After working full time in wildland fire for 33 years, he continues to learn, and strives to be a Student of Fire.

6 thoughts on “Forest Service bans exploding targets in Rocky Mountain Region”

  1. Mr, Gabbert,
    I am researching the reactive/exploding target debate. I found your blog and the information therein to be the best so far.
    As we know, folks are using a number of marketed and homebrew exploding targets. When it comes to fires created by “exploding targets” it would be nice to know the exact type of exploding target that caused the fire in each case. More to the point, what percentage of fires are being caused by homebrew targets (propane bottles, gas cans, marketed targets with additional homebrew ingredients added), as opposed to marketed targets themselves? Also, which of the marketed targets (i.e.Tannerite, Star, etc.) are more prone to producing flame when shot?

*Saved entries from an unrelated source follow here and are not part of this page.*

Lemma val_alpha_unit y : y != 0 ->
  (v y < alpha)%N /\ exists2 u, u \is a GRing.unit & y = pi ^+ v y * u.
Proof.
move=> y0; have [le_v_alpha /pidealP[u def_y] v_max] := val_alpha_spec y.
have lt_v_alpha : (v y < alpha)%N.
  rewrite ltn_neqAle le_v_alpha andbT; apply: contraNneq y0 => v_alpha.
  by rewrite def_y v_alpha pi_alpha mul0r.
split=> //; exists u => //; apply: contraTT (ltnSn (v y)).
rewrite -pideal1_nonunit -leqNgt => /pidealP[w def_u]; apply: v_max => //.
by apply/pidealP; exists w; rewrite {1}def_y def_u mulrA -exprSr.
Qed.

Lemma mulr_eq0_pideal y d : (d * y == 0) = (d \in pideal (alpha - v y)).
Proof.
have [le_v_alpha /pidealP[w def_yw] _] := val_alpha_spec y.
apply/eqP/idP => [dy0|/pidealP[z ->]]; last first.
  by rewrite {2}def_yw mulrCA !mulrA -exprD subnKC // pi_alpha !mul0r.
have [->|y0] := eqVneq y 0; first by rewrite val_alpha0 subnn pideal0.
have [->|d0] := eqVneq d 0; first exact: rpred0.
have [_ [u u_unit def_y]] := val_alpha_unit y0.
have [_ [u' u'_unit def_d]] := val_alpha_unit d0.
have [_ dv _] := val_alpha_spec d; apply: pidealS dv.
rewrite leq_subLR addnC leqNgt; apply/negP => /expr_pi_neq0/negP; apply.
have uu'_unit : u' * u \is a GRing.unit by rewrite unitrM u'_unit.
rewrite exprD -(mulrK uu'_unit (_ * _)) mulrACA.
by rewrite -def_d -def_y dy0 mul0r.
Qed.

Lemma pideal_gt0 k : (0 < #|pideal k|)%N.
Proof. by apply/card_gt0P; exists 0; exact: rpred0. Qed.

Definition mulpi_ker k : {pred R} := [pred z | pi ^+ k * z == 0].

Lemma card_pideal_mulpi m k : (m <= 1)%N -> (k < alpha)%N ->
  #|pideal m| = (#|pideal (k + m)| * #|mulpi_ker k|)%N.
Proof.
move=> le_m1 lt_k_alpha.
have ker_m z : z \in mulpi_ker k -> z \in pideal m.
  move=> /eqP pikz0; apply: (pidealS le_m1); rewrite pideal1_nonunit.
  apply: contraNN (expr_pi_neq0 lt_k_alpha) => z_unit.
  by rewrite -(mulrK z_unit (_ ^+ k)) pikz0 mul0r.
apply: (card_uniform_fibers (f := fun z => pi ^+ k * z)).
  by move=> _ /pidealP[z ->]; apply/pidealP; exists z; rewrite mulrA -exprD.
move=> _ /pidealP[w ->]; rewrite -(card_translate (mulpi_ker k) (pi ^+ m * w)).
apply: eq_card => z; rewrite !in_set exprD -mulrA -subr_eq0 -mulrBr.
apply/andP/idP => [[_ //]|kerz]; split=> //.
rewrite -(subrK (pi ^+ m * w) z) rpredD ?(ker_m _ kerz) //.
by apply/pidealP; exists w.
Qed.

Lemma card_pideal1 : #|R| = (q * #|pideal 1|)%N.
Proof.
case: hR => _ _ _ <-; rewrite mulnC; congr (_ * _)%N.
by apply: eq_card => y; rewrite inE.
Qed.

Lemma card_pidealS k : (k < alpha)%N -> #|pideal k| = (q * #|pideal k.+1|)%N.
Proof.
move=> lt_k_alpha; have ker_gt0 : (0 < #|mulpi_ker k|)%N.
  by apply/card_gt0P; exists 0; rewrite inE mulr0.
have := card_pideal_mulpi (leq0n 1) lt_k_alpha.
have := card_pideal_mulpi (leqnn 1) lt_k_alpha.
rewrite addn0 addn1 => card1 card0; apply/eqP.
rewrite -(eqn_pmul2r ker_gt0) -card0 -mulnA -card1 -card_pideal1.
by apply/eqP/eq_card => y; rewrite pideal0.
Qed.

Lemma q_gt1 : (1 < q)%N.
Proof.
have : (#|pideal 1| < #|R|)%N.
  rewrite -cardsT -[#|pideal 1|]cardsE; apply: proper_card; rewrite properT.
  by apply/negP => /eqP/setP/(_ 1); rewrite in_set pideal1_nonunit unitr1 inE.
by rewrite card_pideal1 -{1}(mul1n #|pideal 1|) ltn_pmul2r ?pideal_gt0.
Qed.

Definition eqmod k a b := a - b \in pideal k.

Lemma eqmod_refl k : reflexive (eqmod k).
Proof. by move=> a; rewrite /eqmod subrr rpred0. Qed.

Lemma eqmod_sym k a b : eqmod k a b -> eqmod k b a.
Proof. by rewrite /eqmod -opprB rpredN. Qed.

Lemma eqmod_trans k b a c : eqmod k a b -> eqmod k b c -> eqmod k a c.
Proof. by rewrite /eqmod => ab bc; rewrite -(subrKA b) rpredD. Qed.

Lemma eqmodS m k a b : (m <= k)%N -> eqmod k a b -> eqmod m a b.
Proof. by move=> mk; apply: pidealS. Qed.

Lemma eqmod0 a b : eqmod 0 a b.
Proof. exact: pideal0. Qed.

Lemma eqmod_alpha a b : eqmod alpha a b -> a = b.
Proof. by rewrite /eqmod pideal_alpha subr_eq0 => /eqP. Qed.

Lemma eqmod1_unit a b : a \is a GRing.unit -> eqmod 1 a b -> b \is a GRing.unit.
Proof.
by move=> a_unit /eqmod_sym ab; rewrite -(subrK a b) addrC unitrDpideal1.
Qed.

(* [R / pi ^+ k] is modelled inside [R] by the canonical representatives [rep k y];
   [reps k A] is then the image of [A] in [R / pi ^+ k]. *)
Definition rep k y := odflt y [pick z | eqmod k y z].

Lemma eqmod_rep k y : eqmod k y (rep k y).
Proof. by rewrite /rep; case: pickP => [//|_]; apply: eqmod_refl. Qed.

Lemma rep_eqmod k a b : eqmod k a b -> rep k a = rep k b.
Proof.
move=> ab; rewrite /rep (@eq_pick _ (eqmod k a) (eqmod k b)) => [|z].
  by case: pickP => // none_b; have := none_b b; rewrite eqmod_refl.
by apply/idP/idP; [apply: eqmod_trans (eqmod_sym ab) | apply: eqmod_trans ab].
Qed.

Lemma rep_alpha y : rep alpha y = y.
Proof. by apply/esym/eqmod_alpha/eqmod_rep. Qed.

Definition reps k (A : {pred R}) : {set R} := [set z in A | rep k z == z].

Lemma reps_eqmod k A B a b :
  a \in reps k A -> b \in reps k B -> eqmod k a b -> a = b.
Proof.
rewrite !inE => /andP[_ /eqP rep_a] /andP[_ /eqP rep_b].
by move/rep_eqmod; rewrite rep_a rep_b.
Qed.

Lemma card_reps k (A : {pred R}) :
    (forall a b, eqmod k a b -> a \in A -> b \in A) ->
  #|A| = (#|reps k A| * #|pideal k|)%N.
Proof.
move=> A_closed; apply: (card_uniform_fibers (f := rep k)).
  move=> a a_A; rewrite inE (rep_eqmod (eqmod_sym (eqmod_rep k a))) eqxx andbT.
  exact: A_closed (eqmod_rep k a) a_A.
move=> c; rewrite inE => /andP[c_A /eqP rep_c].
rewrite -(card_translate (pideal k) c); apply: eq_card => z.
rewrite !in_set -/(eqmod k z c).
apply/andP/idP => [[_ /eqP rep_z]|zc]; first by rewrite -rep_z eqmod_rep.
by rewrite (rep_eqmod zc) rep_c (A_closed c z) //; apply: eqmod_sym.
Qed.

Lemma card_residue_units : #|reps 1 GRing.unit| = (q - 1)%N.
Proof.
have card_units : #|GRing.unit : {pred R}| = ((q - 1) * #|pideal 1|)%N.
  rewrite mulnBl mul1n -card_pideal1 -(cardC (pideal 1)) addKn.
  by apply: eq_card => z; rewrite inE pideal1_nonunit negbK.
move: card_units; rewrite (@card_reps 1 GRing.unit).
  by move/eqP; rewrite eqn_pmul2r ?pideal_gt0 // => /eqP.
by move=> a b ab a_unit; apply: eqmod1_unit a_unit ab.
Qed.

    1. Rick, to me, it does not matter which are worse than others. It is my understanding than any exploding target is at best, dangerous to personnel. And even one of the most popular commercially-made versions is shown in a video to produce flames while exploding. It appears that you are trying to find a loophole so that exploding targets can continue to be used, either by everyone or yourself.

      1. Mr. Gabbert,
        Thank-you for your reply.
        Rest assured that I am only researching the debate and I am not a consumer of any exploding target. However, there are many “dangers to personnel” in this world and we cannot regulate, and enforce regulation on every little thing that is deemed unsafe. Firearms are dangerous, but we educate and apply restrictions when necessary. However, we don’t outright legislate their disuse on public lands.
        I am not trying to find a “loophole” (a word with connotations that imply some sort of sneakiness), what I am trying to do is to determine if there is a safe and happy medium to using a reactive target like Tannerite. I am also trying to determine if regulators are using a legal commodity like Tannerite as a scapegoat in order to promote another agenda. I am as transparent as they come.
        Either pointing me in the right direction or providing me the requested data so that I may understand the number of fires caused by commercial targets as opposed to indiscriminate homebrew targets would be much appreciated. I assume you have this information as you appear to be an authority on the subject.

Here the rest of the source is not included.